One chocolate maker said, "There was a time in chocolate history, when chocolate was revered as a luxury item. I think there was a lot more respect for it at that time."
"The Mayans in Central America and Southern Mexico pioneered cocoa into its earliest edible form, a frothy, drinkable blend of cocoa, spices and water. The laborious process – beans had to be harvested, soaked, dried, hand-ground and mixed into an elixir that was aerated by hand – gave the drink specialty status. Cocoa beans were more valued than gold; humans were sacrificed ahead of annual harvests for good luck. Even then, cocoa was a form of money growing on trees."
With the growing affluence of a rising middle class in China and India the demand for chocolate has grown about 2% a year globally.
Today about one half of cocoa bean production comes from West Africa which is facing growing pressures of depleted soils and challenged social conditions where small farmers are frustrated by the laborious process. "Unlike most global commodities, cocoa is grown entirely by smallholders on plots of three acres or less. Plots are small because producers tend to be subsistence farmers without the discretionary income to expand."

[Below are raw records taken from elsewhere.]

(* There exists $\epsilon_0>0$ such that the following holds for every fixed $\epsilon\in(0,\epsilon_0)$. Let $(G_n)$ be a sequence of graphs, where $G_n$ has $n$ vertices and is $d$-regular for some $d=d(n)\ge 1$, and let $p=\frac{1-\epsilon}{d}$. Then, with probability tending to one as $n\to\infty$, every connected component of $(G_n)_p$ has at most $\frac{9\log n}{\epsilon^2}$ vertices.
   Context: For a graph $G$ and $p\in[0,1]$, $G_p$ denotes the random spanning subgraph of $G$ obtained by retaining each edge of $G$ independently with probability $p$ (bond percolation). $\log$ is the natural logarithm. *)

From HB Require Import structures.
From mathcomp Require Import all_boot all_order all_algebra.
From mathcomp Require Import all_classical all_reals all_analysis.
Set Implicit Arguments. Unset Strict Implicit. Unset Printing Implicit Defensive.
Import Order.TTheory GRing.Theory Num.Theory.
Local Open Scope ring_scope.

Definition simple_graph (n : nat) (e : rel 'I_n) : Prop :=
  symmetric e /\ irreflexive e.

Definition regular (n : nat) (e : rel 'I_n) (d : nat) : Prop :=
  forall x : 'I_n, #|[set y | e x y]| = d.

(* Edge set: each undirected edge {x,y} is represented once as (x,y), x < y. *)
Definition edges (n : nat) (e : rel 'I_n) : {set 'I_n * 'I_n} :=
  [set xy : 'I_n * 'I_n | (val xy.1 < val xy.2)%N && e xy.1 xy.2].

Definition kept (n : nat) (S : {set 'I_n * 'I_n}) : rel 'I_n :=
  fun x y => ((x, y) \in S) || ((y, x) \in S).

Definition component (n : nat) (S : {set 'I_n * 'I_n}) (x : 'I_n) : {set 'I_n} :=
  [set y | connect (kept S) x y].

Definition perc_weight (R : realType) (n : nat) (e : rel 'I_n) (p : R)
  (S : {set 'I_n * 'I_n}) : R :=
  p ^+ #|S| * (1 - p) ^+ (#|edges e| - #|S|).

Definition perc_prob (R : realType) (n : nat) (e : rel 'I_n) (p : R)
  (A : pred {set 'I_n * 'I_n}) : R :=
  \sum_(S in powerset (edges e) | A S) perc_weight e p S.

Definition has_big_component (R : realType) (n : nat) (M : R)
  : pred {set 'I_n * 'I_n} :=
  fun S => [exists x : 'I_n, M < (#|component S x|)%:R].

(* With theta := expR (eps^2/6) and p := (1 - eps)/d, exploring the component of a vertex
   one vertex at a time gives E[theta ^ |C(v)|] <= 1 + eps: each explored vertex costs a
   factor theta and opens at most d edges, each retained with probability p, and
   theta * (1 + p eps)^d <= expR (eps^2/6 + (1 - eps) eps) <= 1 + eps for eps <= 1/10.
   By Markov's inequality and a union bound over the n vertices, a component with more
   than M = 9 log n / eps^2 vertices has probability at most
   n (1 + eps) theta^(-M) = (1 + eps) n^(-1/2). *)
From HB Require Import structures.
From mathcomp Require Import all_boot all_order all_algebra.
From mathcomp Require Import all_classical all_reals all_analysis.
From mathcomp Require Import ring lra.
From mathcomp Require Import fintype finset.
Import Order.TTheory GRing.Theory Num.Theory.
Local Open Scope ring_scope.

Set Implicit Arguments.
Unset Strict Implicit.

Lemma finset_ind (K : finType) (P : {set K} -> Prop) :
  P set0 -> (forall (x : K) (E : {set K}), x \notin E -> P E -> P (x |: E)) -> forall E, P E.
Proof.
move=> P0 PU1 E; elim: {E}#|E| {-2}E (erefl #|E|) => [|m IHm] E cardE.
  by move/eqP: cardE; rewrite cards_eq0 => /eqP ->.
have [x xE] : exists x, x \in E by apply/card_gt0P; rewrite cardE.
rewrite -(setD1K xE); apply: PU1; first by rewrite setD11.
by apply: IHm; move: cardE; rewrite (cardsD1 x E) xE => -[].
Qed.

Section RandomSubset.
Variables (R : realType) (K : finType) (p : R).
Implicit Types (D E S : {set K}) (f g : {set K} -> R).

Definition subset_weight E S : R := p ^+ #|S| * (1 - p) ^+ (#|E| - #|S|).

(* The mean of [f S] for the random subset [S] of [E] keeping each element
   independently with probability [p]. *)
Definition percE E f : R := \sum_(S in powerset E) subset_weight E S * f S.

Lemma eq_percE E f g : {in powerset E, f =1 g} -> percE E f = percE E g.
Proof. by move=> fg; apply: eq_bigr => S /fg ->. Qed.

Lemma percE0 f : percE set0 f = f set0.
Proof. by rewrite /percE powerset0 big_set1 /subset_weight cards0 !expr0 !mul1r. Qed.

Lemma percEZ E k f : percE E (fun S => k * f S) = k * percE E f.
Proof. by rewrite /percE big_distrr; apply: eq_bigr => S _; rewrite mulrCA. Qed.

Lemma percE_sum (I : finType) E (F : I -> {set K} -> R) :
  percE E (fun S => \sum_i F i S) = \sum_i percE E (F i).
Proof. by rewrite /percE exchange_big; apply: eq_bigr => S _; rewrite big_distrr. Qed.

Lemma percEU1 x E f : x \notin E ->
  percE (x |: E) f = p * percE E (fun S => f (x |: S)) + (1 - p) * percE E f.
Proof.
move=> xE; have notin_sub S : S \subset E -> x \notin S.
  by move=> SE; apply: contraNN xE => /(subsetP SE).
rewrite /percE (bigID (fun S => x \in S)) /= !big_distrr /=; congr (_ + _).
- rewrite (reindex_onto (fun S => x |: S) (fun S => S :\ x)) /=; last first.
    by move=> S /andP[_ xS]; rewrite setD1K.
  apply: eq_big => [S|S].
    rewrite !powersetE setU11 andbT.
    apply/andP/idP => [[SxE /eqP <-]|SE]; last first.
      by rewrite setUS // setU1K ?notin_sub.
    by rewrite -(setU1K xE) setSD.
  rewrite powersetE => /andP[_ /eqP SxS].
  have xS : x \notin S by rewrite -SxS setD11.
  by rewrite /subset_weight !cardsU1 xS xE /= !add1n subSS exprS !mulrA.
- apply: eq_big => [S|S].
    by rewrite !powersetE -subsetD1 setU1K.
  rewrite powersetE => /andP[SxE xS].
  have SE : S \subset E by rewrite -(setU1K xE) subsetD1 SxE.
  rewrite /subset_weight cardsU1 xE add1n subSn ?subset_leq_card //.
  by rewrite exprS; ring.
Qed.

Lemma percE_pow E z : percE E (fun S => z ^+ #|S|) = (1 - p + p * z) ^+ #|E|.
Proof.
elim/finset_ind: E => [|x E xE IH]; first by rewrite percE0 cards0.
rewrite percEU1 // cardsU1 xE /= add1n exprS -IH.
rewrite (@eq_percE _ _ (fun S => z * z ^+ #|S|)) ?percEZ; first by ring.
move=> S; rewrite powersetE => SE.
by rewrite cardsU1 (contraNN (subsetP SE x)) // add1n exprS.
Qed.

Lemma percE_cst E k : percE E (fun _ => k) = k.
Proof.
have := percE_pow E 1; rewrite mulr1 subrK expr1n.
rewrite (@eq_percE _ _ (fun _ => 1)) => [one|S _]; last by rewrite expr1n.
by rewrite -[k]mulr1 -{2}one -percEZ.
Qed.

Lemma percEU D E f : [disjoint D & E] ->
  percE (D :|: E) f = percE D (fun X => percE E (fun Y => f (X :|: Y))).
Proof.
elim/finset_ind: D f => [|x D xD IH] f disDE.
  by rewrite set0U percE0; apply: eq_percE => S _; rewrite set0U.
have [xE disDE'] : x \notin E /\ [disjoint D & E].
  by move: disDE; rewrite !disjoints_subset subUset sub1set inE => /andP[].
rewrite -setUA percEU1 ?inE ?negb_or ?xD // !IH // percEU1 //.
by congr (_ * _ + _); apply: eq_percE => S _; apply: eq_percE => Y _; rewrite setUA.
Qed.

Lemma percE_setID E (T : {set K}) (F : {set K} -> {set K} -> R) :
  percE E (fun S => F (S :&: T) (S :\: T)) =
  percE (E :&: T) (fun X => percE (E :\: T) (F X)).
Proof.
rewrite -{1}(setID E T) percEU; last first.
  by rewrite disjoints_subset; apply/subsetP => w; rewrite !inE => /andP[_ ->].
apply: eq_percE => X /=; rewrite powersetE => /subsetIP[_ XT].
apply: eq_percE => Y /=; rewrite powersetE => /subsetDP[_ YT]; congr F.
  by rewrite setIUl (setIidPl XT) (disjoint_setI0 YT) setU0.
have /eqP XT0 : X :\: T == set0 by rewrite setD_eq0.
by rewrite setDUl (setDidPl YT) XT0 set0U.
Qed.

End RandomSubset.

Section Monotone.
Variables (R : realType) (K : finType) (p : R).
Hypotheses (p_ge0 : 0 <= p) (p_le1 : p <= 1).

Lemma subset_weight_ge0 (E S : {set K}) : 0 <= subset_weight p E S.
Proof. by rewrite mulr_ge0 // exprn_ge0 // subr_ge0. Qed.

Lemma ler_percE (E : {set K}) (f g : {set K} -> R) :
  {in powerset E, forall S, f S <= g S} -> percE p E f <= percE p E g.
Proof. by move=> fg; apply: ler_sum => S /fg; apply: ler_wpM2l; apply: subset_weight_ge0. Qed.

End Monotone.

Section Exploration.
Variable T : finType.
Implicit Types (a x y : T) (A V : {set T}) (S X : {set T * T}).

Definition adj S : rel T := fun x y => ((x, y) \in S) || ((y, x) \in S).

Definition adj_in V S : rel T := fun x y => [&& x \in V, y \in V & adj S x y].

The executive director of the Nature Conservation Research Centre says, a concerted effort must be made to cultivate the right conditions for cocoa production in these west African countries.
"Old trees would be replaced with young hybrids bred to grow in Ghanaian conditions; fertilizers would be used to restore balance and longevity to the soil; crop-extension agents would train farmers to become stewards of their land while coaxing maximum yields from the cocoa. Fallow lands would be restored to forests or other growth that is environmentally and economically beneficial."
It encourages one to think about to what extent one values the cocoa bean elixir, and why it's responsible to support the right physical and social conditions for its production.